And it leads me to wonder how much this is going to get into the published world and spread invalid citations into the formal published literature? We thought predatory journals were bad; this is going to be much worse. We all know good scholars should never cite from someone else’s citation without checking the original source, and we all know that rule is OFTEN violated, especially for apparently exact quotations.

That’s really interesting! We tested it out the other day with some of the “common questions” we use in training for our chat reference service. For this kind of question, ChatGPT told me that it couldn’t find peer-reviewed articles but made some recommendations for databases to search and some keywords to use. That all seemed pretty reasonable to me, and in fact, isn’t too far off the kind of answer that a human chat operator would provide, except that we would typically walk the student through the steps of searching.

Generally, we found that ChatGPT couldn’t really answer many of the common questions we tried on it, even ones that could probably be answered by a different type of AI. For example, something more like Siri or Alexa, if given the right parameters, could probably answer questions like how late is the library open tonight, how long can I take out a book for — this information is on the web, but ChatGPT doesn’t live check websites. For most other questions it gave kind of a basic answer (e.g. defining what interlibrary loan is) and then said to check with the library/a librarian for more information (e.g. the library’s policies and procedures for interlibrary loan).

The area it performed best was in citation questions, which could actually be a good thing because most of our staff dislike answering citation questions over chat.

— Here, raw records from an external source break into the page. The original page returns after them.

(* Let $K$ be a field, $n\ge 1$, and $A,B\in M_n(K)$. Consider the properties: $(\bot)$: $A$ has an eigen-covector $u$ and $B$ has an eigenvector $v$ with $uv=0$. $(\subset)$: $B$ has an eigenvector contained in an $(n-1)$-dimensional $A$-invariant subspace of $K^n$. $(\triangle)$: $n\ge 2$ and there is $P\in GL_n(K)$ with $P^{-1}AP=\begin{pmatrix}A'&*\\0&a\end{pmatrix}$ and $P^{-1}BP=\begin{pmatrix}b&*\\0&B'\end{pmatrix}$, where $a,b\in K$ and $A',B'\in M_{n-1}(K)$. $(<)$: $B$ has an eigenvector $v$ with $\dim K[A]v<n$. $(\top)$: $T(A,B)=0$. Then: (a) $(\bot)\Leftrightarrow(\subset)\Leftrightarrow(\triangle)\Rightarrow(<)\Rightarrow(\top)$. (b) If $K$ contains all eigenvalues of $A$, then $(\bot),(\subset),(\triangle),(<)$ are equivalent. (c) If $K$ contains all eigenvalues of $A$ and of $B$, then all five properties are equivalent.
   Context: For a commutative ring $R$ with $1$ and $A,B\in M_n(R)$, $M(A,B)\in M_{n^2}(R)$ is the block matrix consisting of $n\times n$ blocks whose $(i,j)$-th block is $A^{j-1}B^{i-1}$ ($i,j=1,\dots,n$), and the (first) triangulant is $T(A,B)=\det M(A,B)$. Vectors are column vectors in $K^n$, covectors are row vectors. An eigenvector of $A$ is a nonzero column vector $v$ with $Av=\lambda v$ for some $\lambda\in K$; an eigen-covector of $A$ is a nonzero row vector $u$ with $uA=\lambda u$ for some $\lambda\in K$. A subspace $V\le K^n$ is $A$-invariant if $AV\subseteq V$. $K[A]$ denotes the unital subalgebra of $M_n(K)$ generated by $A$, so $K[A]v$ is the $A$-invariant subspace generated by $v$. *)

From HB Require Import structures.
From mathcomp Require Import all_boot all_order all_algebra.
Set Implicit Arguments. Unset Strict Implicit. Unset Printing Implicit Defensive.
Import GRing.Theory.
Local Open Scope ring_scope.

Definition triangulant_mx (R : comPzRingType) (n : nat) (A B : 'M[R]_n)
  : 'M[R]_(\sum_(i < n) n) :=
  \mxblock_(i < n, j < n) (A ^+ j *m B ^+ i).
Definition triangulant (R : comPzRingType) (n : nat) (A B : 'M[R]_n) : R :=
  \det (triangulant_mx A B).

Section Props.
Variables (K : fieldType) (n : nat).

Definition eigenvec (A : 'M[K]_n) (v : 'cV[K]_n) : Prop :=
  v != 0 /\ exists lam : K, A *m v = lam *: v.
Definition eigencovec (A : 'M[K]_n) (u : 'rV[K]_n) : Prop :=
  u != 0 /\ exists lam : K, u *m A = lam *: u.

Definition invariant_sub (A : 'M[K]_n) (V : {vspace 'cV[K]_n}) : Prop :=
  forall x, x \in V -> A *m x \in V.

(* K[A]v : the A-invariant subspace generated by v, i.e. span of A^i v.
   The powers A^i with i < n span K[A] (Cayley-Hamilton). *)
Definition KAv (A : 'M[K]_n) (v : 'cV[K]_n) : {vspace 'cV[K]_n} :=
  <<[seq A ^+ i *m v | i <- iota 0 n]>>%VS.

Definition prop_perp (A B : 'M[K]_n) : Prop :=
  exists (u : 'rV[K]_n) (v : 'cV[K]_n),
    eigencovec A u /\ eigenvec B v /\ u *m v = 0.

Definition prop_subset (A B : 'M[K]_n) : Prop :=
  exists (v : 'cV[K]_n) (V : {vspace 'cV[K]_n}),
    eigenvec B v /\ \dim V = n.-1 /\ invariant_sub A V /\ v \in V.

(* P^-1 A P = [A' * ; 0 a]  : last row of P^-1 A P vanishes off the diagonal;
   P^-1 B P = [b * ; 0 B'] : first column of P^-1 B P vanishes below the
   diagonal. *)
Definition prop_triangle (A B : 'M[K]_n) : Prop :=
  (2 <= n)%N /\ exists P : 'M[K]_n, P \in unitmx /\
    (forall i j : 'I_n, nat_of_ord i = n.-1 -> (nat_of_ord j < n.-1)%N ->
        (invmx P *m A *m P) i j = 0) /\
    (forall i j : 'I_n, nat_of_ord j = 0%N -> (0 < nat_of_ord i)%N ->
        (invmx P *m B *m P) i j = 0).

Definition prop_lt (A B : 'M[K]_n) : Prop :=
  exists v : 'cV[K]_n, eigenvec B v /\ (\dim (KAv A v) < n)%N.

Definition prop_top (A B : 'M[K]_n) : Prop := triangulant A B = 0.

(* K contains all eigenvalues of A: the characteristic polynomial splits *)
Definition splits_in (A : 'M[K]_n) : Prop :=
  exists s : seq K, char_poly A = \prod_(x <- s) ('X - x%:P).

End Props.

From mathcomp Require Import all_boot all_order all_algebra.
From Stdlib Require Import Classical.
Set Implicit Arguments. Unset Strict Implicit. Unset Printing Implicit Defensive.
Import GRing.Theory.
Local Open Scope ring_scope.

(* If [u] is an eigen-covector of [A], its kernel hyperplane is [A]-invariant,
   every [A]-invariant hyperplane is of this form, and it contains [K[A]v]
   whenever [uv = 0]; a basis of [ker u] starting with [v], completed by one
   vector outside, conjugates [A] and [B] to the two block triangular forms.
   A relation [\sum_j k_j A^j v = 0] with [Bv = mu v] makes the column
   [(k_j v)_j] a kernel vector of [M(A,B)], whence (<) => (T).
   The converses use split characteristic polynomials through Cayley-Hamilton:
   multiplying a nonzero row block on the right by the factors [C - l] one at
   a time, the last nonzero product is a left eigenvector of [C], and it stays
   in any family stable under these multiplications.  Applied to a covector
   annihilating [K[A]v] this gives (<) => (perp).  Applied to a left kernel
   vector of [M(A,B)], cut into rows [y_i] with [\sum_i y_i A^k B^i = 0] for
   all [k], it yields rows that are eigen-covectors of [A] for one eigenvalue:
   either two of them are independent, and a combination is orthogonal to an
   eigenvector of [B], or all are multiples [c_i z], and [\sum_i c_i z B^i = 0]
   is a Krylov relation for [B^T], reducing to the previous case. *)

Section Triangulant.
Variable K : fieldType.

Lemma eigencovec_expr n (A : 'M[K]_n) (u : 'rV[K]_n) l k :
  u *m A = l *: u -> u *m A ^+ k = l ^+ k *: u.
Proof.
move=> uA; elim: k => [|k IHk]; first by rewrite expr0 mulmx1 scale1r.
by rewrite exprSr mulmxA IHk -scalemxAl uA scalerA -exprSr.
Qed.

Lemma eigenvec_expr n (B : 'M[K]_n) (v : 'cV[K]_n) l k :
  B *m v = l *: v -> B ^+ k *m v = l ^+ k *: v.
Proof.
move=> Bv; elim: k => [|k IHk]; first by rewrite expr0 mul1mx scale1r.
by rewrite exprS -mulmxA IHk -scalemxAr Bv scalerA -exprSr.
Qed.

Lemma trmx_expr n (A : 'M[K]_n) k : (A ^+ k)^T = A^T ^+ k.
Proof.
elim: k => [|k IHk]; first by rewrite !expr0 trmx1.
by rewrite exprS trmx_mul IHk exprSr.
Qed.

Lemma char_poly_trmx n (A : 'M[K]_n) : char_poly A^T = char_poly A.
Proof.
rewrite /char_poly -det_tr; congr (\det _).
by apply/matrixP => i j; rewrite !mxE eq_sym.
Qed.

Lemma splits_in_trmx n (A : 'M[K]_n) : splits_in A^T <-> splits_in A.
Proof. by rewrite /splits_in char_poly_trmx. Qed.

Lemma eigencovec_trmx n (A : 'M[K]_n) (u : 'rV[K]_n) :
  eigencovec A^T u -> eigenvec A u^T.
Proof.
move=> [u0 [l uA]]; split; first by rewrite trmx_eq0.
by exists l; rewrite -[A]trmxK -trmx_mul uA linearZ.
Qed.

Why does it lie? And then try to cover its tracks with excuses? It “grew indignant”! Smh, listen I have 2 tween boys, I don’t need an AI with attitude.

I know this is obvious, but no one’s said it yet: Writing prose based on what words occur in a certain spot statistically is quite different from searching the peer-reviewed literature by topic. The latter strikes me as simpler, once you know the rules. I assume that AI can be taught these rules.

I think we are looking at the very first automobiles, and we need to avoid shouting, “Get a horse!”.

If ChatGPT is producing citations that don’t link to any text, where are those links coming from? How can it “analyze” an article that doesn’t exist?

Because it’s not performing analysis. It’s just predictive text.

From the article:
“Phil Davis notes, “ChatGPT works in the same way your phone’s autocomplete function works while texting; it simply puts words together that are statistically likely to follow one other.”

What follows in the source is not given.